My Foster Dog - Sophie Girl

Saturday, April 30, 2011

This is Sophie, the pure breed Chihuahua I am fostering. Animal rescue programs often have limited space for dogs and depend on volunteers to provide temporary homes.

Why fostering an animal? For instant, I encourage you to foster a dog, adopt a homeless dog and maybe even welcome Sophie into your family. She really is a sweet, calm dog. If I didn't have 4 guinea pigs, I would consider adopting her.

12 reasons to foster a dog:

1. You increase that dog’s chance of being adopted.

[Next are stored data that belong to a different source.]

(* Taking logarithms, the n-th factor contributes
   u_n (ln(n+3/4) + ln(n+1) - ln(n+5/4) - ln(n+3/2)).  Grouped in blocks of four,
   each sum L(x) = sum_n u_n ln(n+x) converges (x >= 0): by u_{4j+r} = +-u_j a block is
   u_j (ln a - ln(a+1) - ln(a+2) + ln(a+3)), a second difference of ln, hence O(1/a^2).
   The recursion u_{2n} = u_n, u_{2n+1} = -u_n gives L(x) = L(x/2) - L((x+1)/2) for
   x > 0, while at x = 0, where the n = 0 term is absent, it leaves an extra ln 2
   and gives L(1/2) = -ln 2.  Hence L(3/2) = L(3/4) - L(5/4) and L(1) = L(1/2)/2, so the
   logarithm of the product is L(3/4) + L(1) - L(5/4) - L(3/2) = L(1) = -ln 2 / 2. *)

From Stdlib Require Import Reals Lra Lia.
From Coquelicot Require Import Coquelicot.
Open Scope R_scope.

Lemma bin_digit_sum_fuel_irrelevant f g n :
  (n <= f)%nat -> (n <= g)%nat -> bin_digit_sum_fuel f n = bin_digit_sum_fuel g n.
Proof.
  revert g n; induction f as [|f IH]; intros g n Hf Hg.
  - replace n with 0%nat by lia; destruct g; reflexivity.
  - destruct g as [|g]; [replace n with 0%nat by lia; reflexivity|].
    destruct n as [|n]; [reflexivity|].
    cbn [bin_digit_sum_fuel].
    assert (S n / 2 < S n)%nat by (apply Nat.div_lt; lia).
    rewrite (IH g) by lia; reflexivity.
Qed.

Lemma s2_div2 n : s2 n = (n mod 2 + s2 (n / 2))%nat.
Proof.
  destruct n as [|n]; [reflexivity|].
  assert (S n / 2 < S n)%nat by (apply Nat.div_lt; lia).
  unfold s2; cbn [bin_digit_sum_fuel].
  rewrite (bin_digit_sum_fuel_irrelevant n (S n / 2)) by lia; reflexivity.
Qed.

Lemma s2_double k : s2 (2 * k) = s2 k.
Proof.
  rewrite s2_div2, Nat.mul_comm, Nat.Div0.mod_mul, Nat.div_mul by lia; reflexivity.
Qed.

Lemma s2_double_add1 k : s2 (2 * k + 1) = S (s2 k).
Proof.
  rewrite s2_div2, (Nat.add_comm (2 * k)), (Nat.mul_comm 2 k).
  rewrite Nat.Div0.mod_add, Nat.div_add by lia; reflexivity.
Qed.

Definition u (n : nat) : R := IZR (tm n).

Lemma u_double k : u (2 * k) = u k.
Proof. unfold u, tm; rewrite s2_double; reflexivity. Qed.

Lemma u_double_add1 k : u (2 * k + 1) = - u k.
Proof.
  unfold u, tm; rewrite s2_double_add1, Nat.even_succ, <- Nat.negb_even.
  destruct (Nat.even (s2 k)); simpl; lra.
Qed.

Lemma Rabs_u n : Rabs (u n) = 1.
Proof. unfold u, tm; destruct (Nat.even (s2 n)); [apply Rabs_R1 | apply Rabs_m1]. Qed.

Fixpoint tm_sum (g : nat -> R) (N : nat) : R :=
  match N with
  | O => 0
  | S k => tm_sum g k + u k * g k
  end.

Lemma tm_sum_ext f g N : (forall k, f k = g k) -> tm_sum f N = tm_sum g N.
Proof. intros Hfg; induction N as [|N IH]; simpl; [|rewrite IH, Hfg]; reflexivity. Qed.

Lemma tm_sum_plus f g N :
  tm_sum (fun k => f k + g k) N = tm_sum f N + tm_sum g N.
Proof. induction N as [|N IH]; simpl; [|rewrite IH]; ring. Qed.

Lemma tm_sum_minus f g N :
  tm_sum (fun k => f k - g k) N = tm_sum f N - tm_sum g N.
Proof. induction N as [|N IH]; simpl; [|rewrite IH]; ring. Qed.

Lemma tm_sum_double g N :
  tm_sum g (2 * N) = tm_sum (fun k => g (2 * k)%nat - g (2 * k + 1)%nat) N.
Proof.
  induction N as [|N IH]; [reflexivity|].
  replace (2 * S N)%nat with (S (2 * N + 1)) by lia; cbn [tm_sum].
  replace (2 * N + 1)%nat with (S (2 * N)) at 1 by lia; cbn [tm_sum].
  rewrite IH, u_double; replace (S (2 * N)) with (2 * N + 1)%nat by lia.
  rewrite u_double_add1; ring.
Qed.

Lemma tm_sum_quadruple g N :
  tm_sum g (4 * N) =
  tm_sum (fun j => g (4 * j)%nat - g (4 * j + 1)%nat - g (4 * j + 2)%nat + g (4 * j + 3)%nat) N.
Proof.
  replace (4 * N)%nat with (2 * (2 * N))%nat by lia.
  rewrite !tm_sum_double; apply tm_sum_ext; intros j; cbv beta.
  replace (2 * (2 * j) + 1)%nat with (4 * j + 1)%nat by lia.
  replace (2 * (2 * j + 1) + 1)%nat with (4 * j + 3)%nat by lia.
  replace (2 * (2 * j))%nat with (4 * j)%nat by lia.
  replace (2 * (2 * j + 1))%nat with (4 * j + 2)%nat by lia.
  ring.
Qed.

Lemma ln_le_sub1 y : 0 < y -> ln y <= y - 1.
Proof.
  intros Hy; rewrite <- (ln_exp (y - 1)).
  apply ln_le; [exact Hy|]; pose proof (exp_ineq1_le (y - 1)); lra.
Qed.

Lemma ln_succ_sub_bounds y : 0 < y -> 1 / (y + 1) <= ln (y + 1) - ln y <= 1 / y.
Proof.
  intros Hy; split.
  - pose proof (ln_le_sub1 (y / (y + 1)) ltac:(apply Rdiv_lt_0_compat; lra)) as H.
    rewrite ln_div in H by lra.
    replace (y / (y + 1) - 1) with (- (1 / (y + 1))) in H by (field; lra); lra.
  - pose proof (ln_le_sub1 ((y + 1) / y) ltac:(apply Rdiv_lt_0_compat; lra)) as H.
    rewrite ln_div in H by lra.
    replace ((y + 1) / y - 1) with (1 / y) in H by (field; lra); lra.
Qed.

(* [s + c] decreases, [s - c] increases, both stay in [[s 0 - c 0, s 0 + c 0]],
   and [s] is their average. *)
Lemma ex_finite_lim_seq_increment_bound (s c : nat -> R) :
  (forall n, 0 <= c n) -> (forall n, Rabs (s (S n) - s n) <= c n - c (S n)) ->
  ex_finite_lim_seq s.
Proof.
  intros Hc Hinc.
  assert (Hdecr : forall n, s (S n) + c (S n) <= s n + c n)
    by (intros n; specialize (Hinc n); apply Rabs_le_between in Hinc; lra).
  assert (Hincr : forall n, s n - c n <= s (S n) - c (S n))
    by (intros n; specialize (Hinc n); apply Rabs_le_between in Hinc; lra).
  assert (Hup : forall n, s n + c n <= s 0%nat + c 0%nat)
    by (induction n as [|n IH]; [lra|]; specialize (Hdecr n); lra).
  assert (Hlow : forall n, s 0%nat - c 0%nat <= s n - c n)
    by (induction n as [|n IH]; [lra|]; specialize (Hincr n); lra).
  destruct (ex_finite_lim_seq_decr (fun n => s n + c n) (s 0%nat - c 0%nat) Hdecr)
    as [lp Hp].
  { intros n; specialize (Hlow n); specialize (Hc n); lra. }
  destruct (ex_finite_lim_seq_incr (fun n => s n - c n) (s 0%nat + c 0%nat) Hincr)
    as [lm Hm].
  { intros n; specialize (Hup n); specialize (Hc n); lra. }
  exists ((lp + lm) / 2).
  eapply is_lim_seq_ext; [|apply (is_lim_seq_scal_r _ (/ 2) _ (is_lim_seq_plus' _ _ _ _ Hp Hm))].
  intros n; simpl; field.
Qed.

Lemma is_lim_seq_unique_real (v : nat -> R) (a b : R) :
  is_lim_seq v a -> is_lim_seq v b -> a = b.
Proof.
  intros Ha Hb; apply Rbar_finite_eq.
  rewrite <- (is_lim_seq_unique _ _ Ha), <- (is_lim_seq_unique _ _ Hb); reflexivity.
Qed.

Lemma is_lim_seq_of_residues (s : nat -> R) (k : nat) (l : R) : (0 < k)%nat ->
  (forall r, (r < k)%nat -> is_lim_seq (fun M => s (k * M + r)%nat) l) ->
  is_lim_seq s l.
Proof.
  intros Hk Hres; apply is_lim_seq_spec; intros eps.
  assert (Huniform : forall m, (m <= k)%nat -> exists N, forall r M,
             (r < m)%nat -> (N <= M)%nat -> Rabs (s (k * M + r)%nat - l) < eps).
  { induction m as [|m IH]; intros Hm; [exists 0%nat; intros; lia|].
    destruct (IH ltac:(lia)) as [N HN].
    destruct (proj2 (is_lim_seq_spec _ _) (Hres m ltac:(lia)) eps) as [N' HN'].
    exists (N + N')%nat; intros r M Hr HM.
    destruct (Nat.eq_dec r m) as [->|Hrm]; [apply HN'|apply HN]; lia. }
  destruct (Huniform k (le_n k)) as [N HN]; exists (k * N)%nat; intros n Hn.
  rewrite (Nat.div_mod n k) by lia; apply HN.
  - apply Nat.mod_upper_bound; lia.
  - apply Nat.div_le_lower_bound; lia.
Qed.

Lemma is_lim_seq_of_blocks (s : nat -> R) (k : nat) (l : R) : (0 < k)%nat ->
  is_lim_seq (fun M => s (k * M)%nat) l ->
  is_lim_seq (fun n => s (S n) - s n) 0 ->
  is_lim_seq s l.
Proof.
  intros Hk Hblocks Hinc; apply (is_lim_seq_of_residues s k l Hk); intros r _.
  induction r as [|r IH].
  - eapply is_lim_seq_ext; [|exact Hblocks]; intros M; rewrite Nat.add_0_r; reflexivity.
  - assert (Hstep : is_lim_seq (fun M => s (S (k * M + r)) - s (k * M + r)%nat) 0).
    { apply (is_lim_seq_subseq (fun n => s (S n) - s n) _ (fun M => k * M + r)%nat);
        [apply eventually_subseq; intros; lia | exact Hinc]. }
    replace l with (l + 0) by ring.
    eapply is_lim_seq_ext; [|exact (is_lim_seq_plus' _ _ _ _ IH Hstep)].
    intros M; simpl; rewrite Nat.add_succ_r; ring.
Qed.

Definition ln_block (a : R) : R := ln a - ln (a + 1) - ln (a + 2) + ln (a + 3).

Lemma Rabs_ln_block_le a : 0 < a -> Rabs (ln_block a) <= 1 / a - 1 / (a + 4).
Proof.
  intros Ha; unfold ln_block.
  destruct (ln_succ_sub_bounds a Ha) as [A1 A2].
  destruct (ln_succ_sub_bounds (a + 2) ltac:(lra)) as [B1 B2].
  replace (a + 2 + 1) with (a + 3) in B1, B2 by ring.
  assert (1 / (a + 2) <= 1 / (a + 1)) by (apply Rmult_le_compat_l, Rinv_le_contravar; lra).
  assert (1 / (a + 4) <= 1 / (a + 3)) by (apply Rmult_le_compat_l, Rinv_le_contravar; lra).
  apply Rabs_le; lra.
Qed.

By fostering A dog, You are the link between the dog and potential homes. I can spread the word about what a good dog he/she is, how he
/she loves people and how he/she walks nicely on a leash. When a foster dog live with you, the dog will be a part of your family. For an example, my Sophie has the chance to learn behavior that will make her more appealing to other families. If you foster a dog, you have the ability to transform that barking, out of control mutt at the shelter to a dog someone would be honored to live with.

2. Your own dog will learn more social skills.

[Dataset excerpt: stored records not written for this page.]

(* Let $\pi$ be an irreducible bounded $*$-representation of $\mathcal{A}(\Sigma^{2n+1}_q)$ on a Hilbert space $\mathcal{H}$ with $\pi(y_{n+1})\ne0$. Then: (i) $\pi(y_{n+1})$ is injective; (ii) there exists a vector $\xi\neq0$ in $\mathcal{H}$ such that $\pi(y_i)\xi=0$ for all $1\le i\le n$.
   Context: Let $0<q<1$, $n\ge1$. $\mathcal{A}(\Sigma^{2n+1}_q)$ is the quotient of the quantum sphere algebra $\mathcal{A}(S^{4n-1}_q)$ (the complex unital $*$-algebra generated by $x_1,\dots,x_n,y_1,\dots,y_n$ and adjoints subject to: $x_ix_j=q^{-1}x_jx_i$ ($i<j$); $y_iy_j=q^{-1}y_jy_i$ ($i>j$); $x_iy_j=q^{-1}y_jx_i$ ($i\ne j$); $y_ix_i=q^2x_iy_i+(q^2-1)\sum_{k=1}^{i-1}q^{i-k}x_ky_k$; $x_ix_i^*=x_i^*x_i+(1-q^2)\sum_{k=1}^{i-1}x_k^*x_k$; $y_iy_i^*=y_i^*y_i+(1-q^2)\{q^{2(n+1-i)}x_i^*x_i+\sum_{k=1}^n x_k^*x_k+\sum_{k=i+1}^n y_k^*y_k\}$; $x_iy_i^*=q^2y_i^*x_i$; $x_ix_j^*=qx_j^*x_i$ ($i\ne j$); $y_iy_j^*=qy_j^*y_i-(q^2-1)q^{2n+2-i-j}x_i^*x_j$ ($i\neq j$); $x_iy_j^*=qy_j^*x_i$ ($i<j$); $x_iy_j^*=qy_j^*x_i+(q^2-1)q^{i-j}y_i^*x_j$ ($i>j$); $\sum_{i=1}^n(x_i^*x_i+y_i^*y_i)=1$) by the two-sided $*$-ideal generated by $x_1,\dots,x_{n-1}$; in it $y_1,\dots,y_n$ denote the images of $y_1,\dots,y_n$ and $y_{n+1}$ the image of $x_n$. In this quotient $y_{n+1}$ is normal and (with adjoints): $y_iy_j=q^{-1}y_jy_i$, $y_i^*y_j=q^{-1}y_jy_i^*$ for $i>j$, $(i,j)\ne(n+1,n)$; $y_{n+1}y_n=q^{-2}y_ny_{n+1}$, $y_{n+1}^*y_n=q^{-2}y_ny_{n+1}^*$; $[y_i,y_i^*]=(1-q^2)\sum_{k=i+1}^{n+1}y_k^*y_k$ ($i\ne n$); $[y_n,y_n^*]=(1-q^4)y_{n+1}^*y_{n+1}$; $\sum_{i=1}^{n+1}y_i^*y_i=1$. *)

From HB Require Import structures.
From mathcomp Require Import all_boot all_order all_algebra.
From mathcomp Require Import complex.
From mathcomp Require Import reals.
Set Implicit Arguments. Unset Strict Implicit. Unset Printing Implicit Defensive.
Import Order.TTheory GRing.Theory Num.Theory.
Local Open Scope ring_scope.

Section Hilbert.
Variables (R : realType) (V : lmodType R[i]) (ip : V -> V -> R[i]).

Definition inner_product : Prop :=
  [/\ (forall x y z, ip (x + y) z = ip x z + ip y z),
      (forall (a : R[i]) x y, ip (a *: x) y = a * ip x y),
      (forall x y, ip y x = (ip x y)^*),
      (forall x, 0 <= ip x x) &
      (forall x, ip x x = 0 -> x = 0)].

Definition hnorm (x : V) : R := Num.sqrt (complex.Re (ip x x)).

Definition converges_to (u : nat -> V) (l : V) : Prop :=
  forall e : R, 0 < e -> exists N, forall m, (N <= m)%N -> hnorm (u m - l) < e.

Definition cauchy_seq (u : nat -> V) : Prop :=
  forall e : R, 0 < e -> exists N, forall m k, (N <= m)%N -> (N <= k)%N ->
    hnorm (u m - u k) < e.

Definition hilbert_space : Prop :=
  inner_product /\
  (forall u, cauchy_seq u -> exists l, converges_to u l).

Definition bounded_op (T : V -> V) : Prop :=
  (forall (a : R[i]) x y, T (a *: x + y) = a *: T x + T y) /\
  (exists M : R, forall x, hnorm (T x) <= M * hnorm x).

Definition is_adjoint (T S : V -> V) : Prop :=
  forall x y, ip (T x) y = ip x (S y).

Definition closed_subspace (W : V -> Prop) : Prop :=
  [/\ W 0,
      (forall (a : R[i]) x y, W x -> W y -> W (a *: x + y)) &
      (forall u l, (forall m, W (u m)) -> converges_to u l -> W l)].

Definition irreducible_family (I : Type) (ops : I -> V -> V) : Prop :=
  forall W : V -> Prop, closed_subspace W ->
    (forall k x, W x -> W (ops k x)) ->
    (forall x, W x -> x = 0) \/ (forall x, W x).

End Hilbert.

Section Sphere.
Variables (R : realType) (V : lmodType R[i]).
Variables (n : nat) (q : R).
(* X i, Y i, Xs i, Ys i = pi(x_i), pi(y_i), pi(x_i^* ), pi(y_i^* ), 1 <= i <= n *)
Variables (X Y Xs Ys : nat -> V -> V).

Local Notation Q := ((q%:C)%C : R[i]).

(* The defining relations of A(S^{4n-1}_q), evaluated at every vector v. *)
Definition sphere_relations : Prop :=
  (
   (forall i j v, (1 <= i)%N -> (i < j)%N -> (j <= n)%N ->
      X i (X j v) = Q^-1 *: X j (X i v)) /\
   (forall i j v, (1 <= j)%N -> (j < i)%N -> (i <= n)%N ->
      Y i (Y j v) = Q^-1 *: Y j (Y i v)) /\
   (forall i j v, (1 <= i <= n)%N -> (1 <= j <= n)%N -> i != j ->
      X i (Y j v) = Q^-1 *: Y j (X i v)) /\
   (forall i v, (1 <= i <= n)%N ->
      Y i (X i v) = Q ^+ 2 *: X i (Y i v)
        + (Q ^+ 2 - 1) *: \sum_(1 <= k < i) Q ^+ (i - k) *: X k (Y k v)) /\
   (forall i v, (1 <= i <= n)%N ->
      X i (Xs i v) = Xs i (X i v)
        + (1 - Q ^+ 2) *: \sum_(1 <= k < i) Xs k (X k v)) /\
   (forall i v, (1 <= i <= n)%N ->
      Y i (Ys i v) = Ys i (Y i v)
        + (1 - Q ^+ 2) *: (Q ^+ (2 * (n + 1 - i)) *: Xs i (X i v)
             + \sum_(1 <= k < n.+1) Xs k (X k v)
             + \sum_(i.+1 <= k < n.+1) Ys k (Y k v))) /\
   (forall i v, (1 <= i <= n)%N -> X i (Ys i v) = Q ^+ 2 *: Ys i (X i v)) /\
   (forall i j v, (1 <= i <= n)%N -> (1 <= j <= n)%N -> i != j ->
      X i (Xs j v) = Q *: Xs j (X i v)) /\
   (forall i j v, (1 <= i <= n)%N -> (1 <= j <= n)%N -> i != j ->
      Y i (Ys j v) = Q *: Ys j (Y i v)
        - (Q ^+ 2 - 1) *: (Q ^+ (2 * n + 2 - i - j) *: Xs i (X j v))) /\
   (forall i j v, (1 <= i)%N -> (i < j)%N -> (j <= n)%N ->
      X i (Ys j v) = Q *: Ys j (X i v)) /\
   (forall i j v, (1 <= j)%N -> (j < i)%N -> (i <= n)%N ->
      X i (Ys j v) = Q *: Ys j (X i v)
        + (Q ^+ 2 - 1) *: (Q ^+ (i - j) *: Ys i (X j v))) /\
   (forall v, \sum_(1 <= i < n.+1) (Xs i (X i v) + Ys i (Y i v)) = v)).

Definition gens (k : nat * nat) : V -> V :=
  match k.1 with
  | 0 => X k.2 | 1 => Y k.2 | 2 => Xs k.2 | _ => Ys k.2
  end.

End Sphere.

(* Write z = pi(y_{n+1}).  The unit relation reads z^* z + sum_i y_i^* y_i = 1, so
   ||v||^2 = ||z v||^2 + sum_i ||y_i v||^2: z is a normal contraction whose defect
   ||v||^2 - ||z v||^2 equals sum_i ||y_i v||^2.  The relations y_i z = q z y_i (i < n)
   and y_n z = q^2 z y_n shrink the defect of z v by q^2 ||z||^2, so a bound
   ||z||^2 < 1 would improve itself; hence ||z|| = 1 and some x has defect below
   (1 - q)^2 ||x||^2.  The iterates of z^* z starting at x then move by geometrically
   decreasing steps and converge to a fixed vector xi of z^* z lying closer to x than
   ||x||, so xi <> 0 and ||z xi|| = ||xi||, i.e. every y_i xi vanishes.  Injectivity:
   ker z is a closed subspace invariant under all generators, hence zero by
   irreducibility. *)

From HB Require Import structures.
From mathcomp Require Import all_boot all_order all_algebra.
From mathcomp Require Import complex reals.
From mathcomp Require Import classical_sets topology normedtype sequences.
From mathcomp Require Import ring lra.
Import Order.TTheory GRing.Theory Num.Theory numFieldNormedType.Exports.
Local Open Scope ring_scope.
Set Implicit Arguments. Unset Strict Implicit. Unset Printing Implicit Defensive.

Definition linear_pack (K : pzRingType) (U : lmodType K) (W : zmodType)
    (s : GRing.Scale.law K W) (f : U -> W) (lin_f : linear_for s f) :
  {linear U -> W | s} := HB.pack f (GRing.isLinear.Build K U W s f lin_f).

Section LinearFunction.
Variables (K : pzRingType) (U : lmodType K) (W : zmodType).
Variables (s : GRing.Scale.law K W) (f : U -> W).
Hypothesis lin_f : linear_for s f.

Lemma lin0 : f 0 = 0. Proof. exact: (linear0 (linear_pack lin_f)). Qed.
Lemma linD x y : f (x + y) = f x + f y.
Proof. exact: (linearD (linear_pack lin_f)). Qed.
Lemma linB x y : f (x - y) = f x - f y.
Proof. exact: (linearB (linear_pack lin_f)). Qed.
Lemma linZ a x : f (a *: x) = s a (f x).
Proof. exact: (linearZ_LR (linear_pack lin_f)). Qed.
Lemma lin_sum (I : Type) (r : seq I) (P : pred I) (F : I -> U) :
  f (\sum_(i <- r | P i) F i) = \sum_(i <- r | P i) f (F i).
Proof. exact: (linear_sum (linear_pack lin_f)). Qed.

End LinearFunction.

Lemma Re_realM (R : realType) (t : R) (a : R[i]) :
  complex.Re (t%:C%C * a) = t * complex.Re a.
Proof. by case: a => x y /=; ring. Qed.

Lemma Re_conj (R : realType) (a : R[i]) : complex.Re a^* = complex.Re a.
Proof. change (complex.Re (conjc a) = complex.Re a). by case: a. Qed.

Lemma conj_real (R : realType) (t : R) : (t%:C%C : R[i])^* = t%:C%C.
Proof. exact: conjc_real. Qed.

Lemma ge0_complex_real (R : realType) (a : R[i]) : 0 <= a -> a = (complex.Re a)%:C%C.
Proof. by case: a => x y; rewrite lecE /= => /andP[/eqP -> _]. Qed.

3. It’s a good way to see if you are ready for an additional dog.

It’s not always clear whether a second or third dog would fit in with your family. Sometimes an additional dog is a disaster. Other times it couldn’t be better. With fostering, you have a chance to see whether or not another dog is right for your family. Maybe providing temporary care is better for you.

4. You help the rescue learn about the dog’s personality.

I will interact with Sophie every day, learning about her unique personality and behavioral issues. It’s hard to know much about a dog when she is living in a shelter environment with 15 other dogs. Placing dogs in foster homes help rescues learn if the dogs like children, beg at the table, chase cats, bark when crated, know basic commands or have high or low energy. The possibilities of what a foster family will learn about a dog are unlimited.

5. You are saving a dog’s life.

6. You will appreciate your own dog’s good behavior.
Many rescues are full to their limits and cannot take in more dogs until additional foster homes open up. When you foster a dog, the rescue can save money on he/her boarding fees and use it to save another homeless dog.

7. Many animal shelters can’t function without foster homes. Most of them depends entirely on foster homes because it does not have a shelter. If it weren’t for all the generous foster families, this program would not be functioning.

8. You might end up with a new family member.

Many foster families realize the dog they are fostering is a perfect fit for their family. This is a happy ending for both the dog and humans. If you don’t foster a dog, then you will never know what you are missing. You might never meet that special dog that could add to your life.

9. The dog gets to live with your family rather than at a shelter.

Dogs get stressed from shelter conditions. Shelters are noisy with limited one-on-one interaction. The dogs don’t get enough exercise, training or socialization. With time, many dogs develop psychological issues as pent-up energy, frustration, aggression or boredom builds.

10. Any volunteering makes a person feel good.

Fostering a dog is a way to give back to your community. If you love animals, there is nothing more rewarding than helping a homeless dog.

11. It’s a way to help without spending money.

12. Found a new best friend for yourself

If you don’t have the money to donate to animal shelters, you can donate your time by fostering. Some programs require foster families to cover all the expenses of the dog’s supplies. Other rescue organizations cover everything for you, providing food, a crate, bowls and veterinary care. In my case, I have to pay only food and treats for Sophie.